◆ Exercise objective ◆
Take the material below and restate it word for word, stopping after the line in which "Each unordered internal" occurs.

◆ Records for the exercise ◆
━━━━━━━━

(* Let $n\ge2$, $h=0$, $\epsilon\in[-1,1]$. For any two distinct stable states $s_1,s_2\in\mathcal X_s$, $$\Gamma_s:=\Phi(s_1,s_2)-H(s_1)=\begin{cases}\frac{n^2}{2}+|\epsilon|n & n\text{ even},\\ \frac{n^2-1}{2}+|\epsilon|(n+1) & n\text{ odd}.\end{cases}$$
   Context: Setup. The graph $\mathcal G(2,n)$ has vertex set $V=V^{(1)}\cup V^{(2)}$ with $V^{(1)}=\{1,\dots,n\}$, $V^{(2)}=\{n+1,\dots,2n\}$; its edge set is $E=E_{\mathrm{int}}\cup E_{\mathrm{cross}}$, where $E_{\mathrm{int}}$ consists of all pairs of distinct vertices in the same $V^{(k)}$ and $E_{\mathrm{cross}}=\{\{i,i+n\}:1\le i\le n\}$. The configuration space is $\mathcal X=\{-1,+1\}^V$ and $H(\sigma)=-\sum_{\{i,j\}\in E_{\mathrm{int}}}\sigma_i\sigma_j-\epsilon\sum_{\{i,j\}\in E_{\mathrm{cross}}}\sigma_i\sigma_j-h\sum_{i\in V}\sigma_i$. The stable states $\mathcal X_s$ are the global minimizers of $H$. Two configurations are neighbours if they differ at exactly one vertex; a path is a finite sequence of configurations with consecutive ones neighbours; $\Phi(\eta,\eta')=\min_{\omega:\eta\to\eta'}\max_{\zeta\in\omega}H(\zeta)$, the minimum over paths from $\eta$ to $\eta'$. *)

From HB Require Import structures.
From mathcomp Require Import all_boot all_order all_algebra.
Set Implicit Arguments. Unset Strict Implicit. Unset Printing Implicit Defensive.
Import Order.TTheory GRing.Theory Num.Theory.
Local Open Scope ring_scope.

(* Vertices of G(2,n): 'I_(n+n); vertex v (0-based) lies in V^(1) iff v < n.
   Paper vertex i (1..n) is index i-1, paper vertex i+n is index n+i-1. *)
Definition vertex (n : nat) := 'I_(n + n).

(* Configurations: true = +1, false = -1. *)
Definition config (n : nat) := {ffun vertex n -> bool}.

Definition spin (R : ringType) (b : bool) : R := if b then 1 else -1.

Definition same_block (n : nat) (i j : vertex n) : bool := (i < n)%N == (j < n)%N.

(* H(sigma) = - sum_{E_int} s_i s_j - eps sum_{E_cross} s_i s_j - h sum_i s_i.
   Each unordered internal edge {i,j} is counted once via i < j. *)
Definition Ham (R : ringType) (n : nat) (eps h : R) (s : config n) : R :=
  - (\sum_(i : vertex n) \sum_(j : vertex n | ((i < j)%N && same_block i j))
        spin R (s i) * spin R (s j))
  - eps * (\sum_(i < n) spin R (s (lshift n i)) * spin R (s (rshift n i)))
  - h * (\sum_(i : vertex n) spin R (s i)).

Definition stable (R : realDomainType) (n : nat) (eps h : R) (s : config n) : Prop :=
  forall t : config n, Ham eps h s <= Ham eps h t.

Definition neighb (n : nat) (s t : config n) : bool :=
  #|[set v : vertex n | s v != t v]| == 1%N.

Definition is_path (n : nat) (eta eta' : config n) (p : seq (config n)) : bool :=
  path (@neighb n) eta p && (last eta p == eta').

Definition path_max (R : realDomainType) (n : nat) (eps h : R)
    (eta : config n) (p : seq (config n)) : R :=
  foldr Num.max (Ham eps h eta) (map (Ham eps h) p).

Definition is_Phi (R : realDomainType) (n : nat) (eps h : R)
    (eta eta' : config n) (v : R) : Prop :=
  (exists p, is_path eta eta' p /\ path_max eps h eta p = v) /\
  (forall p, is_path eta eta' p -> v <= path_max eps h eta p).

From HB Require Import structures.
From mathcomp Require Import all_boot all_order all_algebra.
From mathcomp Require Import ring lra zify.
Import Order.TTheory GRing.Theory Num.Theory.
Local Open Scope ring_scope.

Set Implicit Arguments. Unset Strict Implicit. Unset Printing Implicit Defensive.

(* Write a configuration as its two blocks a, b (the spins on V^(1) and
   V^(2)), with magnetizations m(a), m(b) and overlap c(a,b) = sum_i a_i b_i.
   Completing the square in each complete graph gives
       H = n - (m(a)^2 + m(b)^2) / 2 - eps * c(a,b),
   so H >= H_min := n - n^2 - |eps| n, with equality exactly for block-constant
   configurations whose blocks are aligned according to the sign of eps; these
   are the stable states.  Two distinct stable states differ on a whole block.
   Lower bound: along any path the number of up spins in that block moves by
   at most one per step, so it crosses n/2: for n even some configuration has
   a balanced block (m = 0), for n odd two neighbours have m = 1 and m = -1;
   the estimates c <= n - |m(a) - m(b)| and -c <= n - |m(a) + m(b)| then
   give an energy at least H_min + Gamma.
   Upper bound: flipping the 2n vertices one at a time in order, every
   intermediate configuration keeps one block constant, which forces
   H <= H_min + Gamma by the parity of the other magnetization. *)

(* Splitting a symmetric double sum into twice its strict upper triangle plus
   the diagonal; it turns the sum over internal edges into squared sums. *)
Lemma sum_pairs_sym (V : nmodType) (m : nat) (f : 'I_m -> 'I_m -> V) :
  (forall i j, f i j = f j i) ->
  \sum_(i < m) \sum_(j < m) f i j
    = (\sum_(i < m) \sum_(j < m | (i < j)%N) f i j) *+ 2 + \sum_(i < m) f i i.
Proof.
move=> fC.
have split_row (i : 'I_m) : \sum_(j < m) f i j =
    \sum_(j < m | (i < j)%N) f i j + \sum_(j < m | (j < i)%N) f i j + f i i.
  rewrite (bigID (fun j : 'I_m => (i < j)%N)) /= -addrA; congr (_ + _).
  rewrite (bigID (fun j : 'I_m => (j < i)%N)) /=; congr (_ + _).
    by apply: eq_bigl => j; case: ltngtP.
  rewrite (big_pred1 i) // => j /=; rewrite -!leqNgt eq_sym -eqn_leq.
  by apply/idP/idP => [/eqP/val_inj->|/eqP->].
have lower_upper : \sum_(i < m) \sum_(j < m | (j < i)%N) f i j
                 = \sum_(i < m) \sum_(j < m | (i < j)%N) f i j.
  rewrite (exchange_big_dep xpredT) //=; apply: eq_bigr => i _.
  by apply: eq_bigr => j _; rewrite fC.
by rewrite (eq_bigr _ (fun i _ => split_row i)) !big_split /= lower_upper mulr2n.
Qed.

Lemma path_cross (T : eqType) (e : rel T) (P : pred T) (x0 : T) (p : seq T) :
  path e x0 p -> P x0 -> ~~ P (last x0 p) ->
  exists x y, [/\ x \in x0 :: p, y \in x0 :: p, e x y, P x & ~~ P y].
Proof.
elim: p x0 => [|y p IH] x0 /=; first by move=> _ ->.
case/andP=> exy yp Px0 Plast; case Py: (P y).
  have [x' [y' [x'p y'p ex'y' Px' Py']]] := IH y yp Py Plast.
  by exists x', y'; split => //; rewrite inE ?x'p ?y'p orbT.
by exists x0, y; split; rewrite ?inE ?eqxx ?Py ?orbT.
Qed.

Lemma path_crosses_level (T : eqType) (e : rel T) (f : T -> nat) (k : nat)
    (x0 : T) (p : seq T) :
  symmetric e -> (forall x y, e x y -> (f y <= (f x).+1)%N) -> path e x0 p ->
  (k < f x0)%N != (k < f (last x0 p))%N ->
  exists x y, [/\ x \in x0 :: p, y \in x0 :: p, e x y, f x = k.+1 & f y = k].
Proof.
move=> eC step ep; case: (ltnP k (f x0)) => fx0 /= flast.
  have [x [y [xp yp exy fx fy]]] := path_cross ep (P := fun z => k < f z)%N fx0 flast.
  exists x, y; have := step y x; rewrite eC => /(_ exy).
  by move: fx fy => /=; split => //; lia.
have [x [y [xp yp exy fx fy]]] :
    exists x y, [/\ x \in x0 :: p, y \in x0 :: p, e x y, ~~ (k < f x)%N & ~~ ~~ (k < f y)%N].
  by apply: path_cross => //; rewrite -leqNgt.
exists y, x; have := step x y exy.
by move: fx fy => /=; rewrite negbK; split => //; [rewrite eC | lia | lia].
Qed.

Lemma path_of_steps (T : eqType) (e : rel T) (G : pred T) (g : nat -> T) (m : nat) :
  (forall k, (k < m)%N -> g k.+1 = g k \/ e (g k) (g k.+1)) ->
  (forall k, (k <= m)%N -> G (g k)) ->
  exists p, [/\ path e (g 0%N) p, last (g 0%N) p = g m & all G p].
Proof.
elim: m => [|m IH] step G_g; first by exists [::].
have [p [ep lastp Gp]] := IH (fun k km => step k (ltnW km)) (fun k km => G_g k (leqW km)).
case: (step m (ltnSn m)) => [same | emm]; first by exists p; rewrite same.
exists (rcons p (g m.+1)).
by rewrite rcons_path ep lastp emm last_rcons all_rcons G_g.
Qed.

Lemma spinK (R : nzRingType) (b : bool) : spin R b * spin R b = 1.
Proof. by case: b; rewrite /spin ?mulr1 ?mulrNN ?mulr1. Qed.

Lemma spinN (R : nzRingType) (b : bool) : spin R (~~ b) = - spin R b.
Proof. by case: b; rewrite /spin ?opprK. Qed.

Lemma spin_nat (R : nzRingType) (b : bool) : spin R b = 2 * (b : nat)%:R - 1.
Proof. by case: b; rewrite /spin /= ?mulr0 ?sub0r // mulr1 addrK. Qed.

Lemma norm_spin (R : numDomainType) (b : bool) : `|spin R b| = 1.
Proof. by case: b; rewrite /spin ?normrN normr1. Qed.

Section Blocks.
Variables (R : realFieldType) (n : nat).

Definition blockA (s : config n) (i : 'I_n) : bool := s (lshift n i).
Definition blockB (s : config n) (i : 'I_n) : bool := s (rshift n i).

Definition mag (a : 'I_n -> bool) : R := \sum_i spin R (a i).
Definition overlap (a b : 'I_n -> bool) : R := \sum_i spin R (a i) * spin R (b i).
Definition blockH (eps : R) (a b : 'I_n -> bool) : R :=
  n%:R - (mag a ^+ 2 + mag b ^+ 2) / 2 - eps * overlap a b.

Lemma sum_intra_block (s : config n) :
  \sum_(i : vertex n) \sum_(j : vertex n)
     (if same_block i j then spin R (s i) * spin R (s j) else 0)
  = mag (blockA s) ^+ 2 + mag (blockB s) ^+ 2.
Proof.
have sqr_sum (F : 'I_n -> R) : (\sum_i F i) ^+ 2 = \sum_i \sum_j F i * F j.
  by rewrite expr2 mulr_suml; apply: eq_bigr => i _; rewrite mulr_sumr.
rewrite big_split_ord !sqr_sum /=; congr (_ + _); apply: eq_bigr => i _;
  rewrite big_split_ord /= /same_block /=.
  rewrite [X in _ + X]big1 ?addr0 => [|j _]; last by rewrite ltn_ord ltnNge leq_addr.
  by apply: eq_bigr => j _; rewrite !ltn_ord.
rewrite [X in X + _]big1 ?add0r => [|j _]; last by rewrite ltn_ord ltnNge leq_addr.
by apply: eq_bigr => j _; rewrite !ltnNge !leq_addr.
Qed.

━━━━━━━━

◆ Result for this task ◆
(* Let $n\ge2$, $h=0$, $\epsilon\in[-1,1]$. For any two distinct stable states $s_1,s_2\in\mathcal X_s$, $$\Gamma_s:=\Phi(s_1,s_2)-H(s_1)=\begin{cases}\frac{n^2}{2}+|\epsilon|n & n\text{ even},\\ \frac{n^2-1}{2}+|\epsilon|(n+1) & n\text{ odd}.\end{cases}$$
   Context: Setup. The graph $\mathcal G(2,n)$ has vertex set $V=V^{(1)}\cup V^{(2)}$ with $V^{(1)}=\{1,\dots,n\}$, $V^{(2)}=\{n+1,\dots,2n\}$; its edge set is $E=E_{\mathrm{int}}\cup E_{\mathrm{cross}}$, where $E_{\mathrm{int}}$ consists of all pairs of distinct vertices in the same $V^{(k)}$ and $E_{\mathrm{cross}}=\{\{i,i+n\}:1\le i\le n\}$. The configuration space is $\mathcal X=\{-1,+1\}^V$ and $H(\sigma)=-\sum_{\{i,j\}\in E_{\mathrm{int}}}\sigma_i\sigma_j-\epsilon\sum_{\{i,j\}\in E_{\mathrm{cross}}}\sigma_i\sigma_j-h\sum_{i\in V}\sigma_i$. The stable states $\mathcal X_s$ are the global minimizers of $H$. Two configurations are neighbours if they differ at exactly one vertex; a path is a finite sequence of configurations with consecutive ones neighbours; $\Phi(\eta,\eta')=\min_{\omega:\eta\to\eta'}\max_{\zeta\in\omega}H(\zeta)$, the minimum over paths from $\eta$ to $\eta'$. *)

From HB Require Import structures.
From mathcomp Require Import all_boot all_order all_algebra.
Set Implicit Arguments. Unset Strict Implicit. Unset Printing Implicit Defensive.
Import Order.TTheory GRing.Theory Num.Theory.
Local Open Scope ring_scope.

(* Vertices of G(2,n): 'I_(n+n); vertex v (0-based) lies in V^(1) iff v < n.
   Paper vertex i (1..n) is index i-1, paper vertex i+n is index n+i-1. *)
Definition vertex (n : nat) := 'I_(n + n).

(* Configurations: true = +1, false = -1. *)
Definition config (n : nat) := {ffun vertex n -> bool}.

Definition spin (R : ringType) (b : bool) : R := if b then 1 else -1.

Definition same_block (n : nat) (i j : vertex n) : bool := (i < n)%N == (j < n)%N.

(* H(sigma) = - sum_{E_int} s_i s_j - eps sum_{E_cross} s_i s_j - h sum_i s_i.
   Each unordered internal edge {i,j} is counted once via i < j. *)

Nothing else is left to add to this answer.